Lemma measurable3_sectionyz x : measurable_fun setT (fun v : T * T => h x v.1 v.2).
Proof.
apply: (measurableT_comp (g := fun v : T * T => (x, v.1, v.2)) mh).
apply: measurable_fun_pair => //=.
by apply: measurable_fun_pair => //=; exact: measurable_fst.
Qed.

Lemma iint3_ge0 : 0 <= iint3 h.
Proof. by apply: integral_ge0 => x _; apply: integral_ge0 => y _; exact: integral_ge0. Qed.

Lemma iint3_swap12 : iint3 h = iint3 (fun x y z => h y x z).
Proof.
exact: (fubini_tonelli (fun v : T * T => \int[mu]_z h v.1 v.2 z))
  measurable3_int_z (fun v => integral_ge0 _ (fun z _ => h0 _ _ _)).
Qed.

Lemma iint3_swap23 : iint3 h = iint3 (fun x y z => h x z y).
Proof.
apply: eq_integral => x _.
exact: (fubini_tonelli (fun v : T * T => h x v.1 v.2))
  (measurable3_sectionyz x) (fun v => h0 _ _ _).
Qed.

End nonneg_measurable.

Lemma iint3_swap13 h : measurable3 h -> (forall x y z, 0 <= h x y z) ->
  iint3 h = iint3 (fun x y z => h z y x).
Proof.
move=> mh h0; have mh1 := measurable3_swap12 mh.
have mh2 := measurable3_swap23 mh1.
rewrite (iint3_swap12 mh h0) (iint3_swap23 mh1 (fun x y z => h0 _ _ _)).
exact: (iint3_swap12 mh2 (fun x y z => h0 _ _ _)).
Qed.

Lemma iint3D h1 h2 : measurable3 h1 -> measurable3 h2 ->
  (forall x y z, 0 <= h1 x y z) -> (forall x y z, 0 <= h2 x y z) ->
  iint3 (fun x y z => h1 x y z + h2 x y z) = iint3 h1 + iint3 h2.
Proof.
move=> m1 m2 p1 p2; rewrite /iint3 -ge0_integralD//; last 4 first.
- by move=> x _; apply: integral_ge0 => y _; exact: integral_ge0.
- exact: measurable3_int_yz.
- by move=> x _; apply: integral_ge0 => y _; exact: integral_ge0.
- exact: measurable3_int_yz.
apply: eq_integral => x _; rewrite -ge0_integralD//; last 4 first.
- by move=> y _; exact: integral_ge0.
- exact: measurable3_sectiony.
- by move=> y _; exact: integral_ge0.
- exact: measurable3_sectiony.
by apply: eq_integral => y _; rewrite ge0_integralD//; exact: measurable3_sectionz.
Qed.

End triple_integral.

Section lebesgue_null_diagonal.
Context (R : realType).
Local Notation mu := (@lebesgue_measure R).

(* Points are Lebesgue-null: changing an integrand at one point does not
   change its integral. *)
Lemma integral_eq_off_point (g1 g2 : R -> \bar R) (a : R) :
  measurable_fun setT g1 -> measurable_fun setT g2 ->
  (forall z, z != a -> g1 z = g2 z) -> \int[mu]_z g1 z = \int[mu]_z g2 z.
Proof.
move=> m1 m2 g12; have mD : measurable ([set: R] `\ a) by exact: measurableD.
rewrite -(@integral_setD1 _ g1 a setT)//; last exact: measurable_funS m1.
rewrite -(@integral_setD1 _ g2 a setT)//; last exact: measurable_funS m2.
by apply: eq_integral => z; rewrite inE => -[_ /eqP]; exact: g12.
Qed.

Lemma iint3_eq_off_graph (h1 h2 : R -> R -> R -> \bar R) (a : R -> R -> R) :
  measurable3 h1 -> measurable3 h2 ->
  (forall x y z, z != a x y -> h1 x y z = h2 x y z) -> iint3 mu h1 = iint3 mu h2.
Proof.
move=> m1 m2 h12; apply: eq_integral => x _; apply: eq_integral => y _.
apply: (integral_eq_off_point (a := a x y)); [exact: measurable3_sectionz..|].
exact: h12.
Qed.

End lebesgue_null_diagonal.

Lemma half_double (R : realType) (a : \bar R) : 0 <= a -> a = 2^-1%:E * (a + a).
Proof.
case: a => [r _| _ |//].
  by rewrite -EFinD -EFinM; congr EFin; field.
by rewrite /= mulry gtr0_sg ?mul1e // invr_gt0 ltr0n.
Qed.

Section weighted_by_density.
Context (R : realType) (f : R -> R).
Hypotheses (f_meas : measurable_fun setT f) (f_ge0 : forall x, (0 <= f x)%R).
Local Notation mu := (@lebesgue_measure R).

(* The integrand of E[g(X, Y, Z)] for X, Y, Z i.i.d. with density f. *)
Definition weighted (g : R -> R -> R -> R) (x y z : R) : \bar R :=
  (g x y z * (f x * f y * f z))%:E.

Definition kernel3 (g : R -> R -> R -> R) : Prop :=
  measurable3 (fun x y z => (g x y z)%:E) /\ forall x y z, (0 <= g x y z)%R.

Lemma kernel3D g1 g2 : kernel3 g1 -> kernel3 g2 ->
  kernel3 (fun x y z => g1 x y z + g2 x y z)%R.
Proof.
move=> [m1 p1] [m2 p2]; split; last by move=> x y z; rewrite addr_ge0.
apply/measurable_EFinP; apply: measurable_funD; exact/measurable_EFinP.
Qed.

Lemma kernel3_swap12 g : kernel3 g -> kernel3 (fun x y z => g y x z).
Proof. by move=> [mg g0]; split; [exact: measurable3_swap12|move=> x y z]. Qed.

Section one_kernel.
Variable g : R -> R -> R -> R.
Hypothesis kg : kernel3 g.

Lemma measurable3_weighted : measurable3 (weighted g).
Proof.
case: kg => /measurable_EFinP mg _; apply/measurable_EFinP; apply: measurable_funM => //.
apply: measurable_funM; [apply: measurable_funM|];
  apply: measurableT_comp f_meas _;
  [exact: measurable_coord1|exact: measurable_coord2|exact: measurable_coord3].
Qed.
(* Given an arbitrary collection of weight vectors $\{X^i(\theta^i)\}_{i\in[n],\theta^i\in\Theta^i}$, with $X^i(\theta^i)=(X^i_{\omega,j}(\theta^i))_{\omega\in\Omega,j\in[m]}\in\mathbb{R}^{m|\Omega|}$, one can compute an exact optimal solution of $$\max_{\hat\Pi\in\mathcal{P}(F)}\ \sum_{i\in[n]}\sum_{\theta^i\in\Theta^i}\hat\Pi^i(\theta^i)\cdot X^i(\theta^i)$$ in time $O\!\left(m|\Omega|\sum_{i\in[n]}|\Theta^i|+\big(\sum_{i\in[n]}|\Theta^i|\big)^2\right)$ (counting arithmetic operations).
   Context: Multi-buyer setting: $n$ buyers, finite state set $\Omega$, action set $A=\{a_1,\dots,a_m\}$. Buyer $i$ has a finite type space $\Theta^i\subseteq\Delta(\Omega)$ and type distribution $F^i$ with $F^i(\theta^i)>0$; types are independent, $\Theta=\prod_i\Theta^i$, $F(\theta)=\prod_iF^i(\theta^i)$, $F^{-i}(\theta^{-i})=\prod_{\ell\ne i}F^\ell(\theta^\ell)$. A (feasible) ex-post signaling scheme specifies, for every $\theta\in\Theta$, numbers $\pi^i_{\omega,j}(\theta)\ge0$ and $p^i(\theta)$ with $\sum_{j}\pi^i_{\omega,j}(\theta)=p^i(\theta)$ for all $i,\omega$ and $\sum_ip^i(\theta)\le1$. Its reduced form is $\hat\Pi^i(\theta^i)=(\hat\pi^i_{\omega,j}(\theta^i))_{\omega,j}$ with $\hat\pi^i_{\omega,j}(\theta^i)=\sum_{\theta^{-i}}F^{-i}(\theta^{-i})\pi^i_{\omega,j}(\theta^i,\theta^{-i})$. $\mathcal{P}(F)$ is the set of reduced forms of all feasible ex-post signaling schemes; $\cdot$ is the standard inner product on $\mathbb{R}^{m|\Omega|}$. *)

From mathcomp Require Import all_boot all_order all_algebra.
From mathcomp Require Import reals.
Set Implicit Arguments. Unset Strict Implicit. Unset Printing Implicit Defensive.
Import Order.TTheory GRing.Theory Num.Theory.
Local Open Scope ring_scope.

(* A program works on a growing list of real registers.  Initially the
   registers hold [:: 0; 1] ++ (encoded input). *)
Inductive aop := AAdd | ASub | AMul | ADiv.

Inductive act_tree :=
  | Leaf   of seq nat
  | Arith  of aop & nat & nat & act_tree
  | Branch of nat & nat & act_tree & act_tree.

________________

Task prompt: Reproduce only the lines from the top of the material through the one bearing "exact: (fubini_tonelli (fun v : T * T => h", each exactly as it stands.

Written solution:
Lemma measurable3_sectionyz x : measurable_fun setT (fun v : T * T => h x v.1 v.2).
Proof.
apply: (measurableT_comp (g := fun v : T * T => (x, v.1, v.2)) mh).
apply: measurable_fun_pair => //=.
by apply: measurable_fun_pair => //=; exact: measurable_fst.
Qed.

Lemma iint3_ge0 : 0 <= iint3 h.
Proof. by apply: integral_ge0 => x _; apply: integral_ge0 => y _; exact: integral_ge0. Qed.

Lemma iint3_swap12 : iint3 h = iint3 (fun x y z => h y x z).
Proof.
exact: (fubini_tonelli (fun v : T * T => \int[mu]_z h v.1 v.2 z))
  measurable3_int_z (fun v => integral_ge0 _ (fun z _ => h0 _ _ _)).
Qed.

Lemma iint3_swap23 : iint3 h = iint3 (fun x y z => h x z y).
Proof.
apply: eq_integral => x _.
exact: (fubini_tonelli (fun v : T * T => h x v.1 v.2))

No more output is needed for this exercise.